Fig. 3 FTIR spectra of PAM (1) and its composites with CNC-Na (1A-5%), CNC-Mg (1B-5%) and CNC-Al (1C-5%).

Swelling in PAM/CNC-Na composite hydrogels

Equilibrium swelling ratios (ESRs) of 1 and its composite hydrogels with 0.5, 3 and 5 wt% of CNC-Na (1A) were measured to investigate their swelling capacity (Fig. 4a). The equilibrium swelling ratio for 1 is 42 g g⁻¹ which is in the range of reported ESRs for acrylamide hydrogels (∼50 g g⁻¹).²² CNC-Na (1A) composites exhibit lower swelling ratios with increasing amount of CNC-Na : ESRs at 0.5 and 3 wt% lowered to 32 g g⁻¹ and 30 g g⁻¹ respectively (Fig. 4a). The incorporation of CNC-Na into PAM decreases its swelling capacity, likely due to an increase in the hydrogen bond crosslinking density in the hydrogel network. In addition, the CNCs act as fillers in the matrix of the hydrogel which reduces its porosity.²¹ However, when the CNC-Na loading was increased to 5 wt%, the ESR increased (Fig. 3a). This phenomenon was reported for high loadings of CNC and has been attributed to the interference of large amounts of CNCs on chemical crosslinking during polymerization, leading to a decrease in crosslink density.²⁰ Similar results were observed when CNC-Mg and CNC-Al were used. The equilibrium swelling ratios of 1 with CNC-Mg (1B) and CNC-Al (1C) were lower at 0.5 and 3 wt% loading, whereas at 5 wt% the ESR increased (Fig. 4b and c).

Fig. 4 Equilibrium swelling ratios of PAM (1) and its composites with (a) CNC-Na (1A), (b) CNC-Mg (1B) and (c) CNC-Al (1C). Water retention of PAM (1) and its composites with (d) CNC-Na (1A), (e) CNC-Mg (1B) and (f) CNC-Al (1C).

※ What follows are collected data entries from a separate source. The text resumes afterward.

(* Assume (A1) and (A2). Then there exists a constant $c>0$ such that for all $\mathbf{z}\in\mathbb{W}(b^* )^2$ and $\boldsymbol\vartheta\in I_{2\pi}^2$, $$\left|(\Gamma(\mathbf{z})-\Gamma(\mathbf{z}+\boldsymbol\vartheta))\cdot\Big(\frac{\partial\Gamma}{\partial z_0}\times\frac{\partial\Gamma}{\partial z_1}\Big)(\mathbf{z}+\boldsymbol\vartheta)\right|\le c\,(\zeta(\boldsymbol\vartheta))^2.$$
   Context: $I_{2\pi}=[0,2\pi)$. Let $\Gamma=[\gamma_0,\gamma_1,\gamma_2]^T:\mathbb{R}^2\to\mathbb{R}^3$ have $2\pi$-biperiodic differentiable components, with $\Gamma|_{I_{2\pi}^2}$ parametrizing the boundary of a bounded open region in $\mathbb{R}^3$ that is $C^\infty$-diffeomorphic to a torus. For $\mathbf{a},\mathbf{b}\in\mathbb{C}^3$, $\mathbf{a}\cdot\mathbf{b}=\sum_ja_jb_j$ (no conjugation), $\mathbf{a}\times\mathbf{b}=[a_1b_2-a_2b_1,a_2b_0-a_0b_2,a_0b_1-a_1b_0]^T$, $\|\mathbf{a}\|_2=(\sum_j|a_j|^2)^{1/2}$; for matrices $\|\cdot\|_2$ is the induced operator norm. For $\boldsymbol\theta\in\mathbb{R}^2$, $\zeta(\boldsymbol\theta)=\sqrt{\mathrm{dist}(\theta_0,2\pi\mathbb{Z})^2+\mathrm{dist}(\theta_1,2\pi\mathbb{Z})^2}$ (for $\boldsymbol\theta\in I_{2\pi}^2$ this is $\sqrt{(\min\{\theta_0,2\pi-\theta_0\})^2+(\min\{\theta_1,2\pi-\theta_1\})^2}$). For $r>0$, $\mathbb{W}(r)=\{z\in\mathbb{C}:|\mathrm{Im}\,z|<r\}$. (A1): there is $C_0>0$ with $\|\Gamma(\boldsymbol\theta)-\Gamma(\boldsymbol\eta)\|_2\ge C_0\zeta(\boldsymbol\theta-\boldsymbol\eta)$ for all $\boldsymbol\theta,\boldsymbol\eta\in I_{2\pi}^2$. (A2): there is $R_0>0$ such that for each $j$ the ($2\pi$-biperiodic) function $\gamma_j$ extends analytically to the closure of $\mathbb{W}(R_0)^2\subset\mathbb{C}^2$ (extensions still denoted $\gamma_j$, $\Gamma$; $\frac{\partial\Gamma}{\partial z_\iota}=[\frac{\partial\gamma_0}{\partial z_\iota},\frac{\partial\gamma_1}{\partial z_\iota},\frac{\partial\gamma_2}{\partial z_\iota}]^T$ are complex partial derivatives). For $\mathbf{z}=[z_0,z_1]$, $\mathrm{Re}(\mathbf{z})=[\mathrm{Re}\,z_0,\mathrm{Re}\,z_1]$; $D\gamma_j$ is the complex gradient and $\mathbf{H}_j$ the $2\times2$ complex Hessian of $\gamma_j$. Let $M_{0,j}=\sup_{\mathbf{z}\in\mathbb{W}(R_0)^2}\|D\gamma_j(\mathbf{z})+D\gamma_j(\mathrm{Re}(\mathbf{z}))\|_2$, $M_{1,j}=\sup_{\mathbf{z}\in\mathbb{W}(R_0)^2}\|\mathbf{H}_j(\mathbf{z})\|_2$, $M_0=(\sum_jM_{0,j}^2)^{1/2}$, $M_1=(\sum_jM_{1,j}^2)^{1/2}$. Fix $b$ with $0<b<\min\{\frac{C_0^2}{\sqrt2M_0M_1},\frac{R_0}{2}\}$ and let $b^*=\frac12\big(b+\min\{\frac{C_0^2}{\sqrt2M_0M_1},\frac{R_0}{2}\}\big)$. *)

From Stdlib Require Import Reals ZArith ClassicalEpsilon.
From Coquelicot Require Import Coquelicot.

Open Scope R_scope.

Definition cadd2 (z w : C * C) : C * C := (Cplus (fst z) (fst w), Cplus (snd z) (snd w)).
Definition rpt (t s : R) : C * C := (RtoC t, RtoC s).
Definition ReZ (z : C * C) : C * C := (RtoC (Re (fst z)), RtoC (Re (snd z))).

Definition inW (r : R) (z : C * C) : Prop :=
  Rabs (Im (fst z)) < r /\ Rabs (Im (snd z)) < r.
Definition inWcl (r : R) (z : C * C) : Prop :=
  Rabs (Im (fst z)) <= r /\ Rabs (Im (snd z)) <= r.

(** f : C^2 -> C is analytic (= holomorphic, i.e. complex-Frechet
    differentiable) on an open set containing S. *)
Definition analytic_near (S : C * C -> Prop) (f : C * C -> C) : Prop :=
  exists U : C * C -> Prop, open U /\ (forall z, S z -> U z) /\
    forall z, U z -> ex_filterdiff (K := C_AbsRing) f (locally z).

Definition pd0 (f : C * C -> C) (z : C * C) : C :=
  epsilon (inhabits (RtoC 0)) (fun l : C =>
    is_derive (K := C_AbsRing) (V := C_NormedModule) (fun w : C => f (w, snd z)) (fst z) l).
Definition pd1 (f : C * C -> C) (z : C * C) : C :=
  epsilon (inhabits (RtoC 0)) (fun l : C =>
    is_derive (K := C_AbsRing) (V := C_NormedModule) (fun w : C => f (fst z, w)) (snd z) l).

Definition vnorm2 (a b : C) : R := sqrt (Cmod a ^ 2 + Cmod b ^ 2).
Definition vnorm3 (a : C * C * C) : R :=
  let '(a0, a1, a2) := a in sqrt (Cmod a0 ^ 2 + Cmod a1 ^ 2 + Cmod a2 ^ 2).

Definition opnorm22 (a b c d : C) : R :=
  real (Lub_Rbar (fun r => exists v0 v1 : C, vnorm2 v0 v1 = 1 /\
          r = vnorm2 (Cplus (Cmult a v0) (Cmult b v1)) (Cplus (Cmult c v0) (Cmult d v1)))).

Definition grad_norm_sum (f : C * C -> C) (z : C * C) : R :=
  vnorm2 (Cplus (pd0 f z) (pd0 f (ReZ z))) (Cplus (pd1 f z) (pd1 f (ReZ z))).
Definition hess_norm (f : C * C -> C) (z : C * C) : R :=
  opnorm22 (pd0 (pd0 f) z) (pd1 (pd0 f) z) (pd0 (pd1 f) z) (pd1 (pd1 f) z).

Definition M0j (R0 : R) (f : C * C -> C) : R :=
  real (Lub_Rbar (fun r => exists z, inW R0 z /\ r = grad_norm_sum f z)).
Definition M1j (R0 : R) (f : C * C -> C) : R :=
  real (Lub_Rbar (fun r => exists z, inW R0 z /\ r = hess_norm f z)).
Definition M0 (R0 : R) (g0 g1 g2 : C * C -> C) : R :=
  sqrt (M0j R0 g0 ^ 2 + M0j R0 g1 ^ 2 + M0j R0 g2 ^ 2).
Definition M1 (R0 : R) (g0 g1 g2 : C * C -> C) : R :=
  sqrt (M1j R0 g0 ^ 2 + M1j R0 g1 ^ 2 + M1j R0 g2 ^ 2).

Definition bmax (C0 R0 : R) (g0 g1 g2 : C * C -> C) : R :=
  Rmin (C0 ^ 2 / (sqrt 2 * M0 R0 g0 g1 g2 * M1 R0 g0 g1 g2)) (R0 / 2).
Definition bstar (b C0 R0 : R) (g0 g1 g2 : C * C -> C) : R :=
  (b + bmax C0 R0 g0 g1 g2) / 2.

Definition dist2piZ (t : R) : R :=
  real (Glb_Rbar (fun d => exists k : Z, d = Rabs (t - 2 * PI * IZR k))).
Definition zeta (t s : R) : R := sqrt (dist2piZ t ^ 2 + dist2piZ s ^ 2).

(** bilinear dot product (no conjugation) and cross product on C^3 *)
Definition cdot3 (a b : C * C * C) : C :=
  let '(a0, a1, a2) := a in let '(b0, b1, b2) := b in
  Cplus (Cplus (Cmult a0 b0) (Cmult a1 b1)) (Cmult a2 b2).
Definition ccross3 (a b : C * C * C) : C * C * C :=
  let '(a0, a1, a2) := a in let '(b0, b1, b2) := b in
  (Cminus (Cmult a1 b2) (Cmult a2 b1),
   Cminus (Cmult a2 b0) (Cmult a0 b2),
   Cminus (Cmult a0 b1) (Cmult a1 b0)).
Definition csub3 (a b : C * C * C) : C * C * C :=
  let '(a0, a1, a2) := a in let '(b0, b1, b2) := b in
  (Cminus a0 b0, Cminus a1 b1, Cminus a2 b2).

Water retention of PAM/CNC composite hydrogels

To preserve functionality, ICHs should retain water for as long as possible. Water retention can be quantified as the length of time that the hydrogels can preserve their water content. Cellulose can lower the rate of water evaporation due to the presence of hydrogen bonding hydroxyl groups on the surface. As shown in Fig. 4d, at 80 °C hydrogel 1 retained 20% of its water weight after 1 h, while CNC-Na (1A) at loadings of 0.5, 3, and 5 wt% retained 50, 50, and 70% of their water weight under these conditions. At 5 wt% of 1A, the water retention capacity extends to 20% after 4 h under these conditions. This increased water retention can be attributed to increased hydrogen bonding due to the hydroxyl groups of CNC.^21,23

The increase in water retention is enhanced when higher valent salts of CNC are used. For composites CNC-Mg (1B) (Fig. 4e) and CNC-Al (1C) (Fig. 4d) the water retention improved at all loadings of CNC. After 1 h, hydrogel 1 retained 20% of its water weight, while CNC-Mg (1B) and CNC-Al (1C) at loadings of 0.5, 3, and 5 wt% retained more than 60% of their water weight. A portion of this increase can be attributed to the increasing hydration number which in turn increases with valency.²⁴ However, given the very small concentration of counter ions introduced with the CNC, other factors, such as a change in the porosity of the hydrogels due to different connectivity from the different valence counter ions, may have a higher impact on water retention.

Morphological analysis of PAM/CNC composite hydrogels

Fig. 5 depicts the SEM micrographs of PAM composites with 3% CNC-Na (1A-3%), CNC-Mg (1B-3%) and CNC-Al (1C-3%) hydrogels that were swollen in water for 24 h. The presence of CNCs in PAM hydrogel composites has been shown to result in of three-dimensional pore structure.²⁵ Similarly, a network structure was observed in the PAM/CNC-Na composite, with the pores clearly visible in the 100 μm length scale. Conversely, PAM/CNC-Mg and PAM/CNC-Al do not have an observable pore structure at the same 100 μm length scale. However, when imaged at 20 μm length scale the pores in the PAM/CNC-Mg and PAM/CNC-Al hydrogels are visible. Thus, the increased crosslinking going from CNC-Na to CNC-Mg and CNC-Al resulted in smaller pores and visibly different network structure.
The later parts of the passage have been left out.